_What the task requires:_
Transcribe the listing below only from the line with "set pd := ((dx" up to and including the line with "have dy : IZR".

_Data for processing:_

+-------+

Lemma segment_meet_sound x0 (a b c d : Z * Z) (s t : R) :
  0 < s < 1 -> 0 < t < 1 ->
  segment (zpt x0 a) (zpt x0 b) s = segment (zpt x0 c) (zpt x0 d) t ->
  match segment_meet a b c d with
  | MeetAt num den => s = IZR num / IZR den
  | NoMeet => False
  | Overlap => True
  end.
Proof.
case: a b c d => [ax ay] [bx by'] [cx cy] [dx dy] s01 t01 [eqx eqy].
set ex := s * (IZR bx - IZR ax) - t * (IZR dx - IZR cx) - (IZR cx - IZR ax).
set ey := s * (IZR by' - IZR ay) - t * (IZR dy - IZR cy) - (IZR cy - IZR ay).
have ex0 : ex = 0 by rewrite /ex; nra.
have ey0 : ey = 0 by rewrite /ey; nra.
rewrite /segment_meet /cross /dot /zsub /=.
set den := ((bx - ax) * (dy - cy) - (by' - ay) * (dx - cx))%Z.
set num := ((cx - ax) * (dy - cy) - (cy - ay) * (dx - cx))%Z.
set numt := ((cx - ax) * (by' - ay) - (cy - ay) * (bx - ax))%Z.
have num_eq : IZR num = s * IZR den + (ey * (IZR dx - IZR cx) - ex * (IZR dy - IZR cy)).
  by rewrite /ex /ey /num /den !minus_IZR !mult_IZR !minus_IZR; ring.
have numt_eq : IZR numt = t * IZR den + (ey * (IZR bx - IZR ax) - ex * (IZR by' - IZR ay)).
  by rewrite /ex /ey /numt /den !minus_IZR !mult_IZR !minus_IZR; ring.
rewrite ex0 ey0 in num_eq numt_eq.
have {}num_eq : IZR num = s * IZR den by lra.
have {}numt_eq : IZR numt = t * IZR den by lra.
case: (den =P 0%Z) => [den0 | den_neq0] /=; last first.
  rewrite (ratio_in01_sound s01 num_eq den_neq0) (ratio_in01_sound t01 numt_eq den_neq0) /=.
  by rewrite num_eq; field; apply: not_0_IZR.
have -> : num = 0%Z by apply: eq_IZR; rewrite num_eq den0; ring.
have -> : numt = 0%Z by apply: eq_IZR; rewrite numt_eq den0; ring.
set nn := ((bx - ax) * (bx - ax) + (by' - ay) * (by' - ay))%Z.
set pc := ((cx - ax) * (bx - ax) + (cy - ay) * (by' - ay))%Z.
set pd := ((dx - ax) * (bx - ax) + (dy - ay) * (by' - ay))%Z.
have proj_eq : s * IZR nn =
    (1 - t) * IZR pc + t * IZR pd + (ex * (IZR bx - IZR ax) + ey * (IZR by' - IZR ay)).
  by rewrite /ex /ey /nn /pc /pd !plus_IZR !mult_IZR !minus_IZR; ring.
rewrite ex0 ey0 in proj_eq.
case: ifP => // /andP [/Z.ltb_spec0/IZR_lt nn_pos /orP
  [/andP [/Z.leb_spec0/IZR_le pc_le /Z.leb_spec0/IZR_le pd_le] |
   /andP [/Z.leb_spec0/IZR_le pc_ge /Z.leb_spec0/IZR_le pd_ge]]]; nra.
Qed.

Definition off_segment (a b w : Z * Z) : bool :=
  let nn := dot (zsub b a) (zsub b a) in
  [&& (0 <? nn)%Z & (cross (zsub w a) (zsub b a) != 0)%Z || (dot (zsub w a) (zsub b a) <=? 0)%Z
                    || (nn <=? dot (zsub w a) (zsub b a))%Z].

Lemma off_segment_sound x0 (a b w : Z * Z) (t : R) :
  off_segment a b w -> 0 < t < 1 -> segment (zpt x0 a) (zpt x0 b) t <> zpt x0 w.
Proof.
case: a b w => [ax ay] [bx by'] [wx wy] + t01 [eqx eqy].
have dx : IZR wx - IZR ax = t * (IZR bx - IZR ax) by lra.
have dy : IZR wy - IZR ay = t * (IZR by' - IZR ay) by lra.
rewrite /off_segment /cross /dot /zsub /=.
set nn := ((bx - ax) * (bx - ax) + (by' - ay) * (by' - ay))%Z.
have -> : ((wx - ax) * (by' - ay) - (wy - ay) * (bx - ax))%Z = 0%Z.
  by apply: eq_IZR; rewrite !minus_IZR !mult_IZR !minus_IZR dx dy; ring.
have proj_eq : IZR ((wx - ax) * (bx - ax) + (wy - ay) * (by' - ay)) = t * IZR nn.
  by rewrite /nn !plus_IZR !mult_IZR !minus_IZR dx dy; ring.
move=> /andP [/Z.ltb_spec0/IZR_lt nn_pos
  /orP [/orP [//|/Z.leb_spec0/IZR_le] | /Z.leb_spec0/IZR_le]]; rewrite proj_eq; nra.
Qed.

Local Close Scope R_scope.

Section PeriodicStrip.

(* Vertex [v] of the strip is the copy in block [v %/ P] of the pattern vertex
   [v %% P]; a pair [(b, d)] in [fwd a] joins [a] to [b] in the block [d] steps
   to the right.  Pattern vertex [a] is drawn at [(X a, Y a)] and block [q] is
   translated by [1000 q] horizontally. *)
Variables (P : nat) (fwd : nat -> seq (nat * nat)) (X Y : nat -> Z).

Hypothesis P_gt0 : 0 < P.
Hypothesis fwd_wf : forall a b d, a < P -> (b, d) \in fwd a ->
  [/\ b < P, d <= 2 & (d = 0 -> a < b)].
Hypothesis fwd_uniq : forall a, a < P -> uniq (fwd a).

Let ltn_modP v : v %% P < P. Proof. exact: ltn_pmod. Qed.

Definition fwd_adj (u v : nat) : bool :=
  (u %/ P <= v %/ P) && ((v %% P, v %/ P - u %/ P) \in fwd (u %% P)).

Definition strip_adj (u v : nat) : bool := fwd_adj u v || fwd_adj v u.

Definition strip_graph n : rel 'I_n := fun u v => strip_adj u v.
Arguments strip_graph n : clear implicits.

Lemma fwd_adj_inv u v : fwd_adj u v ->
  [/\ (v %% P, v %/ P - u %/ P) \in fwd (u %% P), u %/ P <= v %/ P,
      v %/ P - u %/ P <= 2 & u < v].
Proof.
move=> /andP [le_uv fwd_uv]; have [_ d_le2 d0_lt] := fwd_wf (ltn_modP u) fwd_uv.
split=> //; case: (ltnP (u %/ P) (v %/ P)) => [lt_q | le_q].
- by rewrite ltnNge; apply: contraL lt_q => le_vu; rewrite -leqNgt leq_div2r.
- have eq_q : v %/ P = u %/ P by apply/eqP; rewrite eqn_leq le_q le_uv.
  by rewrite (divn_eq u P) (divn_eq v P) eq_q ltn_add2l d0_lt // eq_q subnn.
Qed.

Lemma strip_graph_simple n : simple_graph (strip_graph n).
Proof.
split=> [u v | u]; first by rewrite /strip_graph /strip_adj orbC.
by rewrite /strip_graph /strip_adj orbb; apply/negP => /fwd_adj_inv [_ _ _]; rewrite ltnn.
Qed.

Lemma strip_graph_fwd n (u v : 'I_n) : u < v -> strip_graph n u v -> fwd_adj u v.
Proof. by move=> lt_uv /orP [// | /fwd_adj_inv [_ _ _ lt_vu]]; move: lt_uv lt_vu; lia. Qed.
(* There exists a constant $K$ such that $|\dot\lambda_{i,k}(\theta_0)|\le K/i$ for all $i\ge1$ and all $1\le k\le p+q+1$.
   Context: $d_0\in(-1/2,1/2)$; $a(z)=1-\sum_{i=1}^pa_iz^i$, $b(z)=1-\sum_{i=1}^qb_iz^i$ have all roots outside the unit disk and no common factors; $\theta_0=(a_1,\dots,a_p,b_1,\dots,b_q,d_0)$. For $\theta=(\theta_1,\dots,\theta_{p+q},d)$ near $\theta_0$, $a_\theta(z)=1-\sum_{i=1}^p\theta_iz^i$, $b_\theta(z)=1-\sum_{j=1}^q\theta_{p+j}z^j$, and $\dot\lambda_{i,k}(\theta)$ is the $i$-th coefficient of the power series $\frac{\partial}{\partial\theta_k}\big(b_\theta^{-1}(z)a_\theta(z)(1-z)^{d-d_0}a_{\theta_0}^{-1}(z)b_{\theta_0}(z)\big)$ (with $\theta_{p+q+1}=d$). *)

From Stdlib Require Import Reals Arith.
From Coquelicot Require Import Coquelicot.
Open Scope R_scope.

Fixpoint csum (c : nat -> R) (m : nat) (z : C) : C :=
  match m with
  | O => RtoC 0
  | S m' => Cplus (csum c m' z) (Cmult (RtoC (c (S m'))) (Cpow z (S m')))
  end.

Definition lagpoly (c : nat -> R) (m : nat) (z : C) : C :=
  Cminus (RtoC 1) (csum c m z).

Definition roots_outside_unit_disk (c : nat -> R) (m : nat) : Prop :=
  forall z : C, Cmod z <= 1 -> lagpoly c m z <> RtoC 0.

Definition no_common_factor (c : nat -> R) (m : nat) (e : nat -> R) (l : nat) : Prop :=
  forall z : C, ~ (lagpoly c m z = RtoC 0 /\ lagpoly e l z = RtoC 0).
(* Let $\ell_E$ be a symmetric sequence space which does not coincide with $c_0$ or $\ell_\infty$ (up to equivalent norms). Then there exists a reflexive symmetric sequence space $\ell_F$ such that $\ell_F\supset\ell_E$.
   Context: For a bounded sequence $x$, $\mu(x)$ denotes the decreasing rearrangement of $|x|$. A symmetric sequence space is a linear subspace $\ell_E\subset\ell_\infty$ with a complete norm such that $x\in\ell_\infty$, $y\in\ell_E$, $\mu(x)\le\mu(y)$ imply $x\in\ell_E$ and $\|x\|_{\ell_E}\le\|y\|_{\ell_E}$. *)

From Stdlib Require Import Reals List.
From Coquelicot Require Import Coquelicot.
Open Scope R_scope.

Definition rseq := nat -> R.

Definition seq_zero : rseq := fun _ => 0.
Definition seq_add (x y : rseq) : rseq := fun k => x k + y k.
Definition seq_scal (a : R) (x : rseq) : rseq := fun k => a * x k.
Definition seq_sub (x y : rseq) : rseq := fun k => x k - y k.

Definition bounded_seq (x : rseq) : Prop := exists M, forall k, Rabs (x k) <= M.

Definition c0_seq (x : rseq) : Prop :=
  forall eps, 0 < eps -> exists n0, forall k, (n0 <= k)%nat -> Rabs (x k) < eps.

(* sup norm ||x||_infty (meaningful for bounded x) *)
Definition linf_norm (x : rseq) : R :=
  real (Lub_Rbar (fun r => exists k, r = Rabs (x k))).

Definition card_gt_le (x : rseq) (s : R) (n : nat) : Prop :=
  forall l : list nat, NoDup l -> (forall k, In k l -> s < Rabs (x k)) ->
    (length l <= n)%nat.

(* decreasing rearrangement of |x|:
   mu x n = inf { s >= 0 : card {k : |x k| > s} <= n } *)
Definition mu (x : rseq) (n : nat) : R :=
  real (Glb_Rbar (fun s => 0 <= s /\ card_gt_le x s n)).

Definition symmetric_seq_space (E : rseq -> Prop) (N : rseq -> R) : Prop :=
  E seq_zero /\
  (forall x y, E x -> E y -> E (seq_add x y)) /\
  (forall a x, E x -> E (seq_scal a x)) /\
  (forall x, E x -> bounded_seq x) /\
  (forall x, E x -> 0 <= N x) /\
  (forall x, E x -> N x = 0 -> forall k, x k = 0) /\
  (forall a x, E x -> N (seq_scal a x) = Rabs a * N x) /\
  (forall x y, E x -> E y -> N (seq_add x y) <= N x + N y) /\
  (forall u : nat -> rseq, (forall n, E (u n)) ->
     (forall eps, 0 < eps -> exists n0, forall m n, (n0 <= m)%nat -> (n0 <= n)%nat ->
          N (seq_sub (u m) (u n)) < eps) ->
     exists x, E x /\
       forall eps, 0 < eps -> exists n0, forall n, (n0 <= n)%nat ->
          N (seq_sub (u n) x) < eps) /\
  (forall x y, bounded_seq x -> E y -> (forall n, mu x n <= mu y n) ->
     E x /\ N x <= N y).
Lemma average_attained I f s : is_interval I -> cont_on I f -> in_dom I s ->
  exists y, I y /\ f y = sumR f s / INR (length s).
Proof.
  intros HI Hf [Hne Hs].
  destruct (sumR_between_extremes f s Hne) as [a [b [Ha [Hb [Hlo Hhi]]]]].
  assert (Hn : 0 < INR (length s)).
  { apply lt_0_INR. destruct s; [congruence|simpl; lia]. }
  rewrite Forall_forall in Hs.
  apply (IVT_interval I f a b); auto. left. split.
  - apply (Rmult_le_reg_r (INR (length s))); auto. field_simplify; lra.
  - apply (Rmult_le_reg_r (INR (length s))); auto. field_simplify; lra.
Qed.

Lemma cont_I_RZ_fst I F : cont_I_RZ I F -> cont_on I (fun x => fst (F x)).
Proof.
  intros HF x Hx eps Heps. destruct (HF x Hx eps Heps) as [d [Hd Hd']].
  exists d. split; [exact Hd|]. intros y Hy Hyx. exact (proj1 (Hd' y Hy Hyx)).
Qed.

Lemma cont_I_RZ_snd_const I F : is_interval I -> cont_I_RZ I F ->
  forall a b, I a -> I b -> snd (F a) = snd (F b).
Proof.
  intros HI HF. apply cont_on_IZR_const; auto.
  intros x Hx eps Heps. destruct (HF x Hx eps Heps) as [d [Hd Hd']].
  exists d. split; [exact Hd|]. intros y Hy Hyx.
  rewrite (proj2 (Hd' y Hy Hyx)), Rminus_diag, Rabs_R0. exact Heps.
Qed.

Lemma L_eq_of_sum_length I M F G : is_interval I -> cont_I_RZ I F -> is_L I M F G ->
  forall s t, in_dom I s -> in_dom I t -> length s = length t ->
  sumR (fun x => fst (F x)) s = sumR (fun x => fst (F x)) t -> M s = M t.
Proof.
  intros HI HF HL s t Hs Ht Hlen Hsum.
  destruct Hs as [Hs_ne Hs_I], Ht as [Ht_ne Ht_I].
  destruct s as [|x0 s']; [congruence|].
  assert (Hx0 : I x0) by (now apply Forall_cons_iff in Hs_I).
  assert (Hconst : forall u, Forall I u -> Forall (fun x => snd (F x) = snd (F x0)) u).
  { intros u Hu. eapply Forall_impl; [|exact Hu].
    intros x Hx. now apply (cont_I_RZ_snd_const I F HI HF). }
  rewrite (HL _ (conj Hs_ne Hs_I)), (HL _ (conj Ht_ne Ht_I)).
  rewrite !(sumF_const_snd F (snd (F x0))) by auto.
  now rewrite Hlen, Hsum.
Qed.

+-------+

_Answer to this task:_
set pd := ((dx - ax) * (bx - ax) + (dy - ay) * (by' - ay))%Z.
have proj_eq : s * IZR nn =
    (1 - t) * IZR pc + t * IZR pd + (ex * (IZR bx - IZR ax) + ey * (IZR by' - IZR ay)).
  by rewrite /ex /ey /nn /pc /pd !plus_IZR !mult_IZR !minus_IZR; ring.
rewrite ex0 ey0 in proj_eq.
case: ifP => // /andP [/Z.ltb_spec0/IZR_lt nn_pos /orP
  [/andP [/Z.leb_spec0/IZR_le pc_le /Z.leb_spec0/IZR_le pd_le] |
   /andP [/Z.leb_spec0/IZR_le pc_ge /Z.leb_spec0/IZR_le pd_ge]]]; nra.
Qed.

Definition off_segment (a b w : Z * Z) : bool :=
  let nn := dot (zsub b a) (zsub b a) in
  [&& (0 <? nn)%Z & (cross (zsub w a) (zsub b a) != 0)%Z || (dot (zsub w a) (zsub b a) <=? 0)%Z
                    || (nn <=? dot (zsub w a) (zsub b a))%Z].

Lemma off_segment_sound x0 (a b w : Z * Z) (t : R) :
  off_segment a b w -> 0 < t < 1 -> segment (zpt x0 a) (zpt x0 b) t <> zpt x0 w.
Proof.
case: a b w => [ax ay] [bx by'] [wx wy] + t01 [eqx eqy].
have dx : IZR wx - IZR ax = t * (IZR bx - IZR ax) by lra.
have dy : IZR wy - IZR ay = t * (IZR by' - IZR ay) by lra.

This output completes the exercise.